While touring Gunther von Hagens’ Body Worlds Exhibit in Denver, CO


Walking the exhibit where they’ve skinned the dead

and positioned them like ice skaters, lovers, archers,

I should be contemplating mortality and matter,

the slowly failing connections

of bone, ligament, and muscle,

but I can’t stop staring at the penises.

I circle the glass enclosures for better angles,

and the curator claims everything is real,

but the dicks look plastic and white,

like the non-smoker’s lungs

at the entrance of this aesthetic meat locker.


Jillian refuses to walk with me

after “The Hurdler” brings me to laughter.

It’s the athlete’s scissored legs,

the closeness of hurdle and plastic member.

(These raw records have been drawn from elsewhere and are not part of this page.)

(* If a partial isometry $W\in\mathbf{M}_{2N}(\mathbb{C})$ is self-dual ($W^\sharp=W$), then the initial space $(\ker W)^\perp$ of $W$ has even dimension and $\mathcal{T}$ maps the initial space isometrically onto the final space $(\ker W^* )^\perp$ of $W$.
   Context: A partial isometry is $W$ with $WW^*W=W$. For $X\in\mathbf{M}_{2N}(\mathbb{C})$ in $N\times N$ blocks $X=\begin{bmatrix}A&B\\C&D\end{bmatrix}$, $X^{\sharp}=\begin{bmatrix}D^{\mathrm T}&-B^{\mathrm T}\\-C^{\mathrm T}&A^{\mathrm T}\end{bmatrix}$. $\mathcal{T}:\mathbb{C}^{2N}\to\mathbb{C}^{2N}$ is the conjugate-linear map $\mathcal{T}\begin{bmatrix}\mathbf v\\ \mathbf w\end{bmatrix}=\begin{bmatrix}-\overline{\mathbf w}\\ \overline{\mathbf v}\end{bmatrix}$ for $\mathbf v,\mathbf w\in\mathbb{C}^N$. *)

From HB Require Import structures.
From mathcomp Require Import all_boot all_order all_algebra.
Set Implicit Arguments. Unset Strict Implicit. Unset Printing Implicit Defensive.
Import Order.TTheory GRing.Theory Num.Theory.
Local Open Scope ring_scope.

(* Scalars: an arbitrary numClosedFieldType C (e.g. R[i] for a real closed
   field R), with complex conjugation Num.conj (notation x^* ). *)

Section Defs.
Variable C : numClosedFieldType.

Definition adjmx m n (A : 'M[C]_(m, n)) : 'M[C]_(n, m) :=
  map_mx (fun x => x^*) A^T.

Definition partial_isometry n (W : 'M[C]_n) : Prop :=
  W *m adjmx W *m W = W.

Definition sharp N (X : 'M[C]_(N + N)) : 'M[C]_(N + N) :=
  block_mx (drsubmx X)^T (- (ursubmx X)^T)
           (- (dlsubmx X)^T) (ulsubmx X)^T.

Definition Tmap N (x : 'cV[C]_(N + N)) : 'cV[C]_(N + N) :=
  col_mx (- map_mx (fun z => z^*) (dsubmx x)) (map_mx (fun z => z^*) (usubmx x)).

Definition norm2 n (x : 'cV[C]_n) : C := \sum_i x i 0 * (x i 0)^*.

(* Subspaces of C^n are represented (mxalgebra style) as row spaces of
   square matrices, whose rows are the transposes of the column vectors. *)

(* ker A = { v | A v = 0 }, as the row space of { v^T | v^T A^T = 0 } *)
Definition kerS n (A : 'M[C]_n) : 'M[C]_n := kermx A^T.

(* orthogonal complement w.r.t. the Hermitian inner product:
   x in S^perp  iff  <x, s> = sum_j x_j conj(s_j) = 0 for every row s of S *)
Definition orthS n (S : 'M[C]_n) : 'M[C]_n := kermx (adjmx S).

Definition initial_space n (W : 'M[C]_n) : 'M[C]_n := orthS (kerS W).
Definition final_space n (W : 'M[C]_n) : 'M[C]_n := orthS (kerS (adjmx W)).

Definition inS n (v : 'cV[C]_n) (S : 'M[C]_n) : bool := (v^T <= S)%MS.

End Defs.

From HB Require Import structures.
From mathcomp Require Import all_boot all_order all_algebra.
Set Implicit Arguments. Unset Strict Implicit. Unset Printing Implicit Defensive.
Import Order.TTheory GRing.Theory Num.Theory.
Local Open Scope ring_scope.

(* Let J = [0 1; -1 0].  Then X^sharp = J^T X^T J and T v = J^T conj(v), so
   conjugation by T, A |-> T A T^-1 = J^T conj(A) J, sends W^* to W^sharp.  For
   a self-dual W it thus exchanges W^* and W, hence also the projections W^* W
   and W W^* onto the initial and final spaces; since T preserves the norm and
   T^2 = -1, it maps the initial space isometrically onto the final one.
   Parity: W J^T is skew-symmetric of the same rank r as W, and a skew-symmetric
   K of rank r factors as B^T X B with X an invertible skew-symmetric r x r
   matrix, whose determinant satisfies det X = (-1)^r det X. *)

Section SkewSymmetric.
Variable F : fieldType.
Hypothesis two_neq0 : 2 != 0 :> F.

Lemma det_skew_odd n (X : 'M[F]_n) : odd n -> X^T = - X -> \det X = 0.
Proof.
move=> odd_n skX.
have : \det X = - \det X.
  by rewrite -{1}det_tr skX -scaleN1r detZ -signr_odd odd_n expr1 mulN1r.
move/eqP; rewrite -addr_eq0 -mulr2n -mulr_natl mulf_eq0 (negPf two_neq0).
by move/eqP.
Qed.

Lemma skew_row_free_congr r n (K : 'M[F]_n) (L : 'M_(n, r)) (B : 'M_(r, n)) :
  K^T = - K -> row_free B -> K = L *m B ->
  exists2 X : 'M_r, X^T = - X & K = B^T *m X *m B.
Proof.
move=> skK /row_freeP[R BR] KL.
have KRB : K *m R *m B = K by rewrite KL -(mulmxA L) BR mulmx1.
have BRK : B^T *m R^T *m K = K.
  apply: oppr_inj; rewrite -mulmxN -skK -!trmx_mul mulmxA.
  by rewrite KRB.
exists (R^T *m K *m R); first by rewrite !trmx_mul trmxK skK mulNmx mulmxN mulmxA.
by rewrite !mulmxA BRK KRB.
Qed.

Lemma rank_skew_even n (K : 'M[F]_n) : K^T = - K -> ~~ odd (\rank K).
Proof.
move=> skK; have /submxP[L KL] : (K <= row_base K)%MS by rewrite eq_row_base.
have [X skX KX] := skew_row_free_congr skK (row_base_free K) KL.
have : X \in unitmx.
  rewrite -row_free_unit /row_free eqn_leq rank_leq_row /=.
  by rewrite {1}KX (leq_trans (mxrankM_maxl _ _)) ?mxrankM_maxr.
by apply: contraL => odd_r; rewrite unitmxE det_skew_odd ?unitr0.
Qed.

End SkewSymmetric.

Section Adjoint.
Variable C : numClosedFieldType.
Local Notation conjmx := (map_mx (@Num.conj C)).

Lemma conjmxK m n (A : 'M[C]_(m, n)) : conjmx (conjmx A) = A.
Proof. by apply/matrixP => i j; rewrite !mxE conjCK. Qed.

Lemma conjmx_adj m n (A : 'M[C]_(m, n)) : conjmx (adjmx A) = A^T.
Proof. by apply/matrixP => i j; rewrite !mxE conjCK. Qed.

Lemma adjmxK m n (A : 'M[C]_(m, n)) : adjmx (adjmx A) = A.
Proof. by apply/matrixP => i j; rewrite !mxE conjCK. Qed.

Lemma adjmxM m n p (A : 'M[C]_(m, n)) (B : 'M_(n, p)) :
  adjmx (A *m B) = adjmx B *m adjmx A.
Proof. by rewrite /adjmx trmx_mul map_mxM. Qed.

Lemma adjmx_mul_eq0 m n (A : 'M[C]_(m, n)) : adjmx A *m A = 0 -> A = 0.
Proof.
move=> AA0; apply/matrixP => i j; rewrite mxE.
have /eqP : (adjmx A *m A) j j = 0 by rewrite AA0 mxE.
rewrite mxE psumr_eq0 => [/allP/(_ i (mem_index_enum i))|k _]; last first.
  by rewrite !mxE mulrC mul_conjC_ge0.
by rewrite !mxE mulrC mul_conjC_eq0 => /eqP.
Qed.

Lemma partial_isometry_adj n (W : 'M[C]_n) :
  partial_isometry W -> partial_isometry (adjmx W).
Proof. by move=> WWW; rewrite /partial_isometry -!adjmxM mulmxA WWW. Qed.

Lemma inS_kerS n (A : 'M[C]_n) v : inS v (kerS A) = (A *m v == 0).
Proof. by rewrite /inS /kerS sub_kermx -trmx_mul trmx_eq0. Qed.

Lemma inS_orthS n (S : 'M[C]_n) v : inS v (orthS S) = (conjmx S *m v == 0).
Proof. by rewrite /inS /orthS sub_kermx /adjmx -map_trmx -trmx_mul trmx_eq0. Qed.

Lemma initial_spaceP n (W : 'M[C]_n) v : partial_isometry W ->
  inS v (initial_space W) = (adjmx W *m W *m v == v).
Proof.
move=> WWW; rewrite /initial_space inS_orthS; set K := kerS W.
have KW : conjmx K *m adjmx W = 0.
  by rewrite /adjmx -map_mxM -/(kerS W) mulmx_ker map_mx0.
apply/eqP/eqP => [Kv | <-]; last by rewrite !mulmxA KW !mul0mx.
set x := v - adjmx W *m W *m v.
have /submxP[D xD] : (x^T <= K)%MS.
  by rewrite -/(inS x K) inS_kerS mulmxBr !mulmxA WWW subrr.
have : adjmx x *m x = 0.
  rewrite {1}/adjmx xD map_mxM -mulmxA mulmxBr Kv !mulmxA KW.
  by rewrite !mul0mx subrr mulmx0.
by move/adjmx_mul_eq0/eqP; rewrite subr_eq0 => /eqP <-.
Qed.

Lemma final_spaceP n (W : 'M[C]_n) v : partial_isometry W ->
  inS v (final_space W) = (W *m adjmx W *m v == v).
Proof.
by move=> /partial_isometry_adj/initial_spaceP ->; rewrite adjmxK.
Qed.

Lemma rank_initial_space n (W : 'M[C]_n) : \rank (initial_space W) = \rank W.
Proof.
rewrite /initial_space /orthS /kerS mxrank_ker /adjmx mxrank_map mxrank_tr.
by rewrite mxrank_ker mxrank_tr subKn ?rank_leq_row.
Qed.

End Adjoint.

Section Symplectic.
Variables (R : pzRingType) (N : nat).

Definition symp_mx : 'M[R]_(N + N) := block_mx 0 1%:M (- 1%:M) 0.

Lemma tr_symp_mx : symp_mx^T = - symp_mx.
Proof.
rewrite /symp_mx tr_block_mx opp_block_mx !trmx0 trmx1 raddfN /= trmx1.
by rewrite opprK !oppr0.
Qed.

Lemma mulmx_symp_mx : symp_mx *m symp_mx = - 1%:M.
Proof.
rewrite /symp_mx mulmx_block !mul0mx !mulmx0 !mul1mx !mulmx1 !add0r !addr0.
by rewrite [in RHS]scalar_mx_block opp_block_mx oppr0.
Qed.

Lemma mulmx_symp_tr : symp_mx *m symp_mx^T = 1%:M.
Proof. by rewrite tr_symp_mx mulmxN mulmx_symp_mx opprK. Qed.

Lemma mulmx_tr_symp : symp_mx^T *m symp_mx = 1%:M.
Proof. by rewrite tr_symp_mx mulNmx mulmx_symp_mx opprK. Qed.

End Symplectic.

Lemma map_symp_mx (R S : pzRingType) (f : {rmorphism R -> S}) N :
  map_mx f (symp_mx R N) = symp_mx S N.
Proof. by rewrite /symp_mx map_block_mx !map_mx0 map_mxN map_mx1. Qed.

Section ConjugationByT.
Variables (C : numClosedFieldType) (N : nat).
Local Notation conjmx := (map_mx (@Num.conj C)).
Local Notation J := (symp_mx C N).

(* [Tconj A] is the matrix of the linear map [T A T^-1]. *)
Definition Tconj (A : 'M[C]_(N + N)) := J^T *m conjmx A *m J.

Lemma TmapE (v : 'cV[C]_(N + N)) : Tmap v = J^T *m conjmx v.
Proof.
rewrite /Tmap tr_symp_mx /symp_mx -{3}[v]vsubmxK map_col_mx opp_block_mx.
by rewrite mul_block_col !oppr0 opprK !mul0mx add0r addr0 !mulNmx !mul1mx.
Qed.

Lemma TmapB (u v : 'cV[C]_(N + N)) : Tmap (u - v) = Tmap u - Tmap v.
Proof. by rewrite !TmapE map_mxB mulmxBr. Qed.

Lemma TmapK (v : 'cV[C]_(N + N)) : Tmap (Tmap v) = - v.
Proof.
rewrite !TmapE map_mxM -map_trmx map_symp_mx conjmxK mulmxA.
by rewrite tr_symp_mx mulNmx mulmxN opprK mulmx_symp_mx mulNmx mul1mx.
Qed.

Lemma Tmap_mulmx A (v : 'cV[C]_(N + N)) : Tmap (A *m v) = Tconj A *m Tmap v.
Proof.
by rewrite !TmapE /Tconj map_mxM -!mulmxA (mulmxA J) mulmx_symp_tr mul1mx.
Qed.

Lemma TconjM A B : Tconj (A *m B) = Tconj A *m Tconj B.
Proof.
by rewrite /Tconj map_mxM -!mulmxA (mulmxA J) mulmx_symp_tr mul1mx.
Qed.

Lemma TconjK A : Tconj (Tconj A) = A.
Proof.
rewrite /Tconj !map_mxM -map_trmx map_symp_mx conjmxK tr_symp_mx.
rewrite !(mulNmx, mulmxN) opprK !mulmxA mulmx_symp_mx -mulmxA mulmx_symp_mx.
by rewrite mulNmx mul1mx mulmxN mulmx1 opprK.
Qed.

Lemma Tconj_adjmx (X : 'M[C]_(N + N)) : Tconj (adjmx X) = sharp X.
Proof.
rewrite /Tconj conjmx_adj -[X]submxK /sharp.
rewrite block_mxKul block_mxKur block_mxKdl block_mxKdr tr_block_mx.
rewrite tr_symp_mx /symp_mx opp_block_mx !mulmx_block.
by rewrite !(mul0mx, mulmx0, mul1mx, mulmx1, add0r, addr0, mulNmx, mulmxN,
  oppr0, opprK).
Qed.

Lemma norm2_col m n (a : 'cV[C]_m) (b : 'cV[C]_n) :
  norm2 (col_mx a b) = norm2 a + norm2 b.
Proof.
rewrite /norm2 big_split_ord /=.
by congr (_ + _); apply: eq_bigr => i _; rewrite ?col_mxEu ?col_mxEd.
Qed.

Lemma norm2_Tmap (v : 'cV[C]_(N + N)) : norm2 (Tmap v) = norm2 v.
Proof.
rewrite /Tmap -{3}[v]vsubmxK !norm2_col addrC.
congr (_ + _); apply: eq_bigr => i _;
  by rewrite !mxE ?rmorphN /= conjCK ?mulrNN mulrC.
Qed.

Lemma rank_self_dual_even (W : 'M[C]_(N + N)) : sharp W = W -> ~~ odd (\rank W).
Proof.
move=> sdW.
have WE : W = J^T *m W^T *m J by rewrite -{1}sdW -Tconj_adjmx /Tconj conjmx_adj.
have Jfree : row_free J^T.
  by rewrite row_free_unit; case: (mulmx1_unit (mulmx_tr_symp C N)).
rewrite -(mxrankMfree _ Jfree); apply: rank_skew_even; first by rewrite pnatr_eq0.
rewrite trmx_mul trmxK {2}WE -!mulmxA mulmx_symp_tr mulmx1.
by rewrite tr_symp_mx mulNmx opprK.
Qed.

End ConjugationByT.

Theorem mainTheorem13 (C : numClosedFieldType) (N : nat) (W : 'M[C]_(N + N)) :
  partial_isometry W -> sharp W = W ->
  ~~ odd (\rank (initial_space W)) /\
  (forall v, inS v (initial_space W) -> inS (Tmap v) (final_space W)) /\
  (forall u v, inS u (initial_space W) -> inS v (initial_space W) ->
     norm2 (Tmap u - Tmap v) = norm2 (u - v)) /\
  (forall w, inS w (final_space W) ->
     exists2 v, inS v (initial_space W) & Tmap v = w).
Proof.
move=> piW sdW.
have T_adjW : Tconj (adjmx W) = W by rewrite Tconj_adjmx.
have T_W : Tconj W = adjmx W by rewrite -{1}T_adjW TconjK.
have T_init : Tconj (adjmx W *m W) = W *m adjmx W by rewrite TconjM T_adjW T_W.
have T_final : Tconj (W *m adjmx W) = adjmx W *m W by rewrite TconjM T_adjW T_W.
split; [|split; [|split]].
- by rewrite rank_initial_space rank_self_dual_even.
- move=> v; rewrite initial_spaceP // final_spaceP // => /eqP v_init.
  by rewrite -T_init -Tmap_mulmx v_init.
- by move=> u v _ _; rewrite -TmapB norm2_Tmap.
- move=> w; rewrite final_spaceP // => /eqP w_final.
  exists (Tmap (- w)); last by rewrite TmapK opprK.
  by rewrite initial_spaceP // -T_final -Tmap_mulmx mulmxN w_final.
Qed.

I cringe at possible collision,

my hands involuntarily cup my groin.

Then: I imagine the intern positioning the scene

with hanging body and obstacle,

the smoking artist demanding,

drag the hurdle closer.


At the heart display,

a boy and his parents

hover over the spot lit corner case.

They point, bow their heads in unison,

then quiet suddenly,

and the boy keeps his eyes

open during the prayer.

He’s studying the fist-sized organ,

stares it down like it’s the last

unknowable thing in the universe,

and it isn’t until they pass me that

I notice the protrusion,

the baseball-sized bulge

under the boy’s 49ers shirt,

directly over his heart.

If they have to go back in

will he waive off the drugs,

and beg to peek at the one muscle

throbbing him alive?


One cut cadaver displays his snaking entrails,

another grabs her knees,

arching open a neatly rowed spinal column,

and there’s an unwrapped, sinewy pair

fighting for a hockey puck with plastic helmets,

ice skates, and regulation sticks.

Did these men know what they

signed up for when they donated their bodies?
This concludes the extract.